◆ **Aim of the exercise**:
Only one stretch of the listing below is wanted. Begin at the line that has "move=> H; have", stop after the line that has "have [eq_c|neq_c] := eqVneq c c'.", and repeat every line in between exactly.

◆ **Available data**:
Lemma mixed_horner_rcons a b cs c :
  mixed_horner a b (rcons cs c) = b * mixed_horner a b cs + c * a ^ size cs.
Proof.
elim: cs => [|x cs IH] /=; first by rewrite !muln0 expn0 !addn0 muln1.
rewrite size_rcons IH !expnS.
set X := b ^ size cs; set Y := a ^ size cs; set Z := mixed_horner a b cs; nia.
Qed.

Lemma mixed_horner_rev a b cs : mixed_horner a b (rev cs) = mixed_horner b a cs.
Proof.
elim: cs => [|c cs IH] //=.
by rewrite rev_cons mixed_horner_rcons IH size_rev addnC.
Qed.

Lemma coprime_modn_mulr_cancel a c x y :
  coprime a c -> x * c = y * c %[mod a] -> x = y %[mod a].
Proof.
move=> co.
wlog le_yx : x y / y <= x.
  move=> H; have [/H//|/ltnW le_xy] := leqP y x.
  by move/esym/H => ->.
move/eqP; rewrite eqn_mod_dvd ?leq_mul2r ?le_yx ?orbT // -mulnBl.
by rewrite mulnC Gauss_dvdr // -eqn_mod_dvd // => /eqP.
Qed.

Lemma mixed_horner_first_diff a b cs cs' :
  coprime a b -> 0 < a -> size cs = size cs' ->
  mixed_horner a b cs = mixed_horner a b cs' -> cs <> cs' ->
  exists j, [/\ j < size cs, nth 0 cs j <> nth 0 cs' j,
    (forall i, i < j -> nth 0 cs i = nth 0 cs' i) &
    nth 0 cs j = nth 0 cs' j %[mod a]].
Proof.
move=> co a_gt0; elim: cs cs' => [|c cs IH] [|c' cs'] //= [eq_size] eq_val neq.
have [eq_c|neq_c] := eqVneq c c'.
  subst c'; have eq_val' : mixed_horner a b cs = mixed_horner a b cs'.
    move: eq_val; rewrite eq_size => /addnI /eqP.
    by rewrite eqn_pmul2l // => /eqP.
  have [j [j_lt neq_j below_j congr_j]] :=
    IH cs' eq_size eq_val' (fun e => neq (congr1 _ e)).
  by exists j.+1; split => // -[|i] //= /below_j.
exists 0; split => //; first exact/eqP.
apply: (@coprime_modn_mulr_cancel _ (b ^ size cs)); first by rewrite coprimeXr.
move: eq_val => /(congr1 (modn^~ a)); rewrite eq_size.
by rewrite ![(_ + a * _)]addnC ![a * _]mulnC !modnMDl.
Qed.

Lemma mixed_horner_last_diff a b cs cs' :
  coprime a b -> 0 < b -> size cs = size cs' ->
  mixed_horner a b cs = mixed_horner a b cs' -> cs <> cs' ->
  exists j, [/\ j < size cs, nth 0 cs j <> nth 0 cs' j,
    (forall i, j < i < size cs -> nth 0 cs i = nth 0 cs' i) &
    nth 0 cs j = nth 0 cs' j %[mod b]].
Proof.
move=> co b_gt0 eq_size eq_val neq.
have co' : coprime b a by rewrite coprime_sym.
have eq_size' : size (rev cs) = size (rev cs') by rewrite !size_rev.
have eq_val' : mixed_horner b a (rev cs) = mixed_horner b a (rev cs').
  by rewrite !mixed_horner_rev.
have neq' : rev cs <> rev cs'.
  by move=> e; apply: neq; rewrite -(revK cs) e revK.
have [k [k_lt]] := mixed_horner_first_diff co' b_gt0 eq_size' eq_val' neq'.
rewrite size_rev in k_lt; rewrite !nth_rev -?eq_size //.
set L := size cs in k_lt *; move=> neq_j below_k congr_j.
exists (L - k.+1); split => //; first by rewrite /L; lia.
move=> i /andP [lt_ji lt_i].
have lt_k : L - i.+1 < k by lia.
have idx : L - (L - i.+1).+1 = i by lia.
by move: (below_k _ lt_k); rewrite !nth_rev -?eq_size -/L ?idx //; lia.
Qed.

Lemma congr_dist a x y : x = y %[mod a] -> x <> y -> y + a <= x \/ x + a <= y.
Proof.
wlog le_yx : x y / y <= x.
  move=> H eq_xy neq_xy; have [/H|/ltnW /H] := leqP y x.
    by move=> /(_ eq_xy neq_xy).
  by move=> /(_ (esym eq_xy) (nesym neq_xy)) [|]; [right|left].
move/eqP; rewrite eqn_mod_dvd // => dvd_a neq; left.
have : 0 < x - y by rewrite subn_gt0 ltn_neqAle le_yx andbT; apply/eqP/nesym.
by move=> /dvdn_leq /(_ dvd_a); lia.
Qed.

Lemma sum_count_mem (T : eqType) (t z : seq T) : uniq t -> {subset z <= t} ->
  \sum_(a <- t) count_mem a z = size z.
Proof.
move=> t_uniq; elim: z => [|b z IH] z_sub /=; first by rewrite big1.
rewrite big_split /= IH; last by move=> x zx; apply: z_sub; rewrite inE zx orbT.
rewrite -[(size z).+1]add1n; congr addn.
rewrite (bigD1_seq b) ?z_sub ?inE ?eqxx //= big1 // => i.
by rewrite eq_sym => /negPf ->.
Qed.

Lemma sum_undup_extend (T : eqType) (t z : seq T) (F : T -> nat) :
  uniq t -> {subset z <= t} -> (forall a, a \notin z -> F a = 0) ->
  \sum_(a <- undup z) F a = \sum_(a <- t) F a.
Proof.
move=> t_uniq z_sub F0.
rewrite [RHS](bigID (mem z)) /= [X in _ + X]big1 ?addn0; last by move=> a /F0.
rewrite -[RHS]big_filter; apply: perm_big.
apply: uniq_perm => [||x]; [exact: undup_uniq|exact: filter_uniq|].
by rewrite mem_undup mem_filter; case: (boolP (x \in z)) => // /z_sub ->.
Qed.

Lemma fdist_counts (t z z' : seq rat) :
  uniq t -> {subset z <= t} -> {subset z' <= t} ->
  fdist z z' = maxn (\sum_(a <- t) (count_mem a z - count_mem a z'))
                    (\sum_(a <- t) (count_mem a z' - count_mem a z)).
Proof.
move=> t_uniq z_sub z'_sub; rewrite /fdist.
have -> : gcd_size z z' = \sum_(a <- t) minn (count_mem a z) (count_mem a z').
  by apply: sum_undup_extend => // a /count_memPn ->; rewrite min0n.
rewrite -{1}(sum_count_mem t_uniq z_sub) -{1}(sum_count_mem t_uniq z'_sub).
rewrite -!sumnB => [|a _|a _]; [|exact: geq_minr|exact: geq_minl].
by congr maxn; apply: eq_bigr => a _; lia.
Qed.

Lemma fdistC (z z' : seq rat) : fdist z z' = fdist z' z.
Proof.
have t_uniq := undup_uniq (z ++ z').
have sub_l : {subset z <= undup (z ++ z')}.
  by move=> a za; rewrite mem_undup mem_cat za.
have sub_r : {subset z' <= undup (z ++ z')}.
  by move=> a za; rewrite mem_undup mem_cat za orbT.
by rewrite !(fdist_counts t_uniq) // maxnC.
Qed.

Lemma chain_refl r x N z : chain r x N z z.
Proof. by exists [::]. Qed.

Lemma chain_cons r x N z u z' :
  fdist z u <= N -> is_fact r x u -> chain r x N u z' -> chain r x N z z'.
Proof.
move=> le_zu fact_u [s [fact_s path_s last_s]]; exists (u :: s); split => //=.
- by move=> v; rewrite inE => /orP [/eqP ->|/fact_s].
- by rewrite le_zu.
Qed.

Lemma chain_trans r x N z u z' :
  chain r x N z u -> chain r x N u z' -> chain r x N z z'.
Proof.
move=> [s [fact_s path_s last_s]] [s' [fact_s' path_s' last_s']].
exists (s ++ s'); split.
- by move=> v; rewrite mem_cat => /orP [/fact_s|/fact_s'].
- by rewrite cat_path path_s last_s path_s'.
- by rewrite last_cat last_s.
Qed.

Lemma chain_sym r x N z z' : is_fact r x z -> chain r x N z z' -> chain r x N z' z.
Proof.
move=> fact_z [s []]; elim: s z fact_z => [|u s IH] z fact_z fact_s /=.
  by move=> _ <-; apply: chain_refl.
move=> /andP [le_zu path_s] last_s.
have fact_u : is_fact r x u by apply: fact_s; rewrite mem_head.
have fact_s' : forall v, v \in s -> is_fact r x v.
  by move=> v sv; apply: fact_s; rewrite inE sv orbT.
have ch := IH u fact_u fact_s' path_s last_s.
apply: chain_trans ch _; apply: (chain_cons _ fact_z); first by rewrite fdistC.
exact: chain_refl.
Qed.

◆ **Answer section**:
  move=> H; have [/H//|/ltnW le_xy] := leqP y x.
  by move/esym/H => ->.
move/eqP; rewrite eqn_mod_dvd ?leq_mul2r ?le_yx ?orbT // -mulnBl.
by rewrite mulnC Gauss_dvdr // -eqn_mod_dvd // => /eqP.
Qed.

Lemma mixed_horner_first_diff a b cs cs' :
  coprime a b -> 0 < a -> size cs = size cs' ->
  mixed_horner a b cs = mixed_horner a b cs' -> cs <> cs' ->
  exists j, [/\ j < size cs, nth 0 cs j <> nth 0 cs' j,
    (forall i, i < j -> nth 0 cs i = nth 0 cs' i) &
    nth 0 cs j = nth 0 cs' j %[mod a]].
Proof.
move=> co a_gt0; elim: cs cs' => [|c cs IH] [|c' cs'] //= [eq_size] eq_val neq.
have [eq_c|neq_c] := eqVneq c c'.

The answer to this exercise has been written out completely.